Simplest estimation of $q_*$ is $Q_t = \frac{\sum_{i=1}^{t-1} R_i \mathbb{1}_{A_i = a}}{\sum_{i=1}^{t-1} \mathbb{1}_{A_i = a}}$ : average of the rewards received for $a$.

## Exploitation vs Exploration
At a given time, the simplest action selection rule (also called a _policy_) is
$$A_t = {\underset{a}{\operatorname{argmax}}} \, Q_t(a)$$

This is the _greedy_ policy.
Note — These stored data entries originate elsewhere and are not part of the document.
(* Let $P$ be a positive opetope of dimension $n$ with top face $x_n=\mathbf{m}_P$. For every maximal flag $\vec{x}$ of $P$ that is not the $\lhd$-largest one, $\mathrm{succ}(\vec{x})$ is the immediate successor of $\vec{x}$ with respect to the flag order $\lhd$ on the set of maximal flags of $P$.
   Context: A positive hypergraph $S$ consists of finite sets $S_k$ ($k\in\mathbb{N}$), only finitely many nonempty, functions $\gamma:S_{k+1}\to S_k$, and for each $k$ an assignment $\delta$ sending each $a\in S_{k+1}$ to a nonempty subset $\delta(a)\subseteq S_k$, with $\delta(a)$ a singleton for $a\in S_1$. A face is identified with its singleton; $\gamma(X)=\{\gamma(a):a\in X\}$, $\delta(X)=\bigcup_{a\in X}\delta(a)$. For $k>0$ the lower order $<^-$ on $S_k$ is the transitive closure of: $a\lhd b$ iff $\gamma(a)\in\delta(b)$. The upper order $<^+$ on $S_k$ is the transitive closure of: $a\lhd b$ iff there is $\alpha\in S_{k+1}$ with $a\in\delta(\alpha)$, $\gamma(\alpha)=b$; $a\perp^{\pm}b$ iff $a<^{\pm}b$ or $b<^{\pm}a$. A positive opetopic cardinal: $S_0\ne\emptyset$; globularity ($\gamma\gamma(a)=\gamma\delta(a)-\delta\delta(a)$, $\delta\gamma(a)=\delta\delta(a)-\gamma\delta(a)$ for $\dim a\ge2$); each $<^+$ a strict order, linear on $S_0$; for $k>0$, $\perp^-\cap\perp^+=\emptyset$ on $S_k$; for $x\in S_{k-1}$, $\{a:\gamma(a)=x\}$ and $\{a:x\in\delta(a)\}$ linearly ordered by $<^+$. A positive opetope: additionally $|P_m-\delta(P_{m+1})|\le1$ for all $m$; if $\dim P=n$ then $P_n=\{\mathbf m_P\}$. Write $\partial(a)=\{\gamma(a)\}\cup\delta(a)$. A maximal flag is a sequence $\vec{x}=[x_n,\dots,x_0]$ with $x_n=\mathbf m_P$, $x_i\in P_i$ and $x_i\in\partial(x_{i+1})$ for $i<n$. The sign of a sequence $[x_k,\dots,x_l]$ of this kind is $1$ if $k=l$, equals $\mathrm{sgn}([x_{k-1},\dots,x_l])$ if $x_{k-1}=\gamma(x_k)$, and equals $-\mathrm{sgn}([x_{k-1},\dots,x_l])$ if $x_{k-1}\in\delta(x_k)$; $\mathrm{sgn}(\vec x)=\mathrm{sgn}([x_n,\dots,x_0])$. For $x\in P_k$, on the pencil $\{a\in P_{k+1}: x\in\partial(a)\}$ define $a\prec_x b$ iff (i) $\gamma(b)=x\in\delta(a)$, or (ii) $x\in\delta(a)\cap\delta(b)$ and $a<^+b$, or (iii) $\gamma(a)=x=\gamma(b)$ and $b<^+a$. For distinct maximal flags $\vec x,\vec y$ with $k=\min\{j:x_j\ne y_j\}$, put $\vec x\lhd\vec y$ iff $k=0$ and $y_0<^+x_0$; or $k>0$, $\mathrm{sgn}([x_{k-1},\dots,x_0])=1$ and $x_k\prec_{x_{k-1}}y_k$; or $k>0$, $\mathrm{sgn}([x_{k-1},\dots,x_0])=-1$ and $y_k\prec_{x_{k-1}}x_k$. (This is a strict linear order on maximal flags.) For a maximal flag $\vec x$ that is neither $\lhd$-first nor $\lhd$-last, its low level is $\mathrm{ll}(\vec x)=\max\{i<n-1: x_{i+1}\in\delta(x_{i+2})\}$. A maximal flag $\vec y$ is the $k$-th neighbour of $\vec x$ if $\vec y\ne\vec x$ and $y_i=x_i$ for all $i\ne k$. The high neighbour of $\vec x$ is its $(n-1)$-th neighbour, the low neighbour its $\mathrm{ll}(\vec x)$-th neighbour. For a non-terminal maximal flag, $\mathrm{succ}(\vec x)$ is the high neighbour of $\vec x$ if $\mathrm{sgn}(\vec x)=1$ and the low neighbour of $\vec x$ if $\mathrm{sgn}(\vec x)=-1$. *)

From HB Require Import structures.
From mathcomp Require Import all_boot all_order all_algebra.
Set Implicit Arguments. Unset Strict Implicit. Unset Printing Implicit Defensive.
Import GRing.Theory Num.Theory.

(* Positive hypergraphs are encoded as a finite type of faces [F] with a
   dimension function [dim] (S_k = faces of dimension k), a codomain map
   [gam] and a domain map [del].  The values of [gam]/[del] on faces of
   dimension 0 are irrelevant junk and are never used. *)

Section Opetopes.
Variables (F : finType) (dim : F -> nat) (gam : F -> F) (del : F -> {set F}).

Definition delS (X : {set F}) : {set F} := \bigcup_(b in X) del b.

Definition bd (a : F) : {set F} := gam a |: del a.

Definition positive_hypergraph : Prop :=
  (forall a, 0 < dim a -> dim (gam a) = (dim a).-1) /\
  (forall a, 0 < dim a -> del a != set0) /\
  (forall a b, 0 < dim a -> b \in del a -> dim b = (dim a).-1) /\
  (forall a, dim a = 1 -> #|del a| = 1).

Definition lhd_minus (a b : F) : bool :=
  [&& 0 < dim a, dim a == dim b & gam a \in del b].
Definition lt_minus (a b : F) : bool :=
  [exists c, lhd_minus a c && connect lhd_minus c b].

Definition lhd_plus (a b : F) : bool :=
  [exists al, [&& dim al == (dim a).+1, a \in del al & gam al == b]].
Definition lt_plus (a b : F) : bool :=
  [exists c, lhd_plus a c && connect lhd_plus c b].

Definition perp_minus a b := lt_minus a b || lt_minus b a.
Definition perp_plus a b := lt_plus a b || lt_plus b a.

Definition positive_opetopic_cardinal : Prop :=
  positive_hypergraph /\
  (exists a, dim a = 0) /\
  (forall a, 2 <= dim a ->
     [set gam (gam a)] = (gam @: del a) :\: delS (del a) /\
     del (gam a) = delS (del a) :\: (gam @: del a)) /\
  (forall a, ~~ lt_plus a a) /\
  (forall a b, dim a = 0 -> dim b = 0 -> a != b -> perp_plus a b) /\
  (forall a b, 0 < dim a -> dim a = dim b -> ~~ (perp_minus a b && perp_plus a b)) /\
  (forall x a b, dim a = (dim x).+1 -> dim b = (dim x).+1 ->
      gam a = x -> gam b = x -> a != b -> perp_plus a b) /\
  (forall x a b, dim a = (dim x).+1 -> dim b = (dim x).+1 ->
      x \in del a -> x \in del b -> a != b -> perp_plus a b).

Definition positive_opetope : Prop :=
  positive_opetopic_cardinal /\
  (forall m, #|[set a | (dim a == m) &&
                 ~~ [exists b, (dim b == m.+1) && (a \in del b)]]| <= 1) /\
  (forall a b, (forall c, dim c <= dim a) -> dim b = dim a -> b = a).

Variable top : F.
Local Notation n := (dim top).

Definition flag := {ffun 'I_n.+1 -> F}.

Definition fa (x : flag) (i : nat) : F := x (inord i).

Definition max_flag (x : flag) : Prop :=
  fa x n = top /\
  (forall i, i <= n -> dim (fa x i) = i) /\
  (forall i, i < n -> fa x i \in bd (fa x i.+1)).

(* sgnrec x l d = sgn([x_{l+d}, ..., x_l]) *)
Fixpoint sgnrec (x : flag) (l d : nat) : int :=
  match d with
  | 0 => 1%R
  | d'.+1 => if fa x (l + d') == gam (fa x (l + d').+1)
             then sgnrec x l d' else (- sgnrec x l d')%R
  end.

Definition sgn_seg (x : flag) (k : nat) : int := sgnrec x 0 k.
Definition sgn (x : flag) : int := sgn_seg x n.

Definition pencil_lt (x a b : F) : bool :=
  [|| (gam b == x) && (x \in del a),
      [&& x \in del a, x \in del b & lt_plus a b] |
      [&& gam a == x, gam b == x & lt_plus b a]].

Definition flag_lt (x y : flag) : bool :=
  [exists k : 'I_n.+1,
    [&& [forall j : 'I_n.+1, (j < k) ==> (x j == y j)],
        x k != y k &
        if k == 0 :> nat then lt_plus (y k) (x k)
        else ((sgn_seg x k.-1 == 1%R) && pencil_lt (fa x k.-1) (x k) (y k))
          || ((sgn_seg x k.-1 == (-1)%R) && pencil_lt (fa x k.-1) (y k) (x k))]].

Definition flag_largest (x : flag) : Prop :=
  forall y, max_flag y -> y = x \/ flag_lt y x.

Definition immediate_successor (x y : flag) : Prop :=
  max_flag y /\ flag_lt x y /\
  ~ (exists z, max_flag z /\ flag_lt x z /\ flag_lt z y).

Definition neighbour (k : nat) (x y : flag) : Prop :=
  max_flag y /\ y <> x /\ (forall i, i <= n -> i <> k -> fa y i = fa x i).

Definition is_low_level (x : flag) (k : nat) : Prop :=
  k < n.-1 /\ fa x k.+1 \in del (fa x k.+2) /\
  (forall i, k < i -> i < n.-1 -> fa x i.+1 \notin del (fa x i.+2)).

Definition high_neighbour (x y : flag) : Prop := neighbour n.-1 x y.
Definition low_neighbour (x y : flag) : Prop :=
  exists k, is_low_level x k /\ neighbour k x y.

Definition is_succ (x y : flag) : Prop :=
  (sgn x = 1%R /\ high_neighbour x y) \/ (sgn x = (-1)%R /\ low_neighbour x y).

End Opetopes.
It exploits current knowledge.
Dilemma: apparently inferior actions might actually be better.

Simple alternative: ___$\varepsilon$-greedy___ action selection
$$ A_t = \left\{ \begin{eqnarray} &{\rm random} \qquad &{\rm with \, \, prob} \, \, \varepsilon \\ &{\underset{a}{\operatorname{argmax}}} \, Q_t(a) \qquad &{\rm else} \end{eqnarray} \right.$$

This policy is central to a lot of reinforcement learning algorithms.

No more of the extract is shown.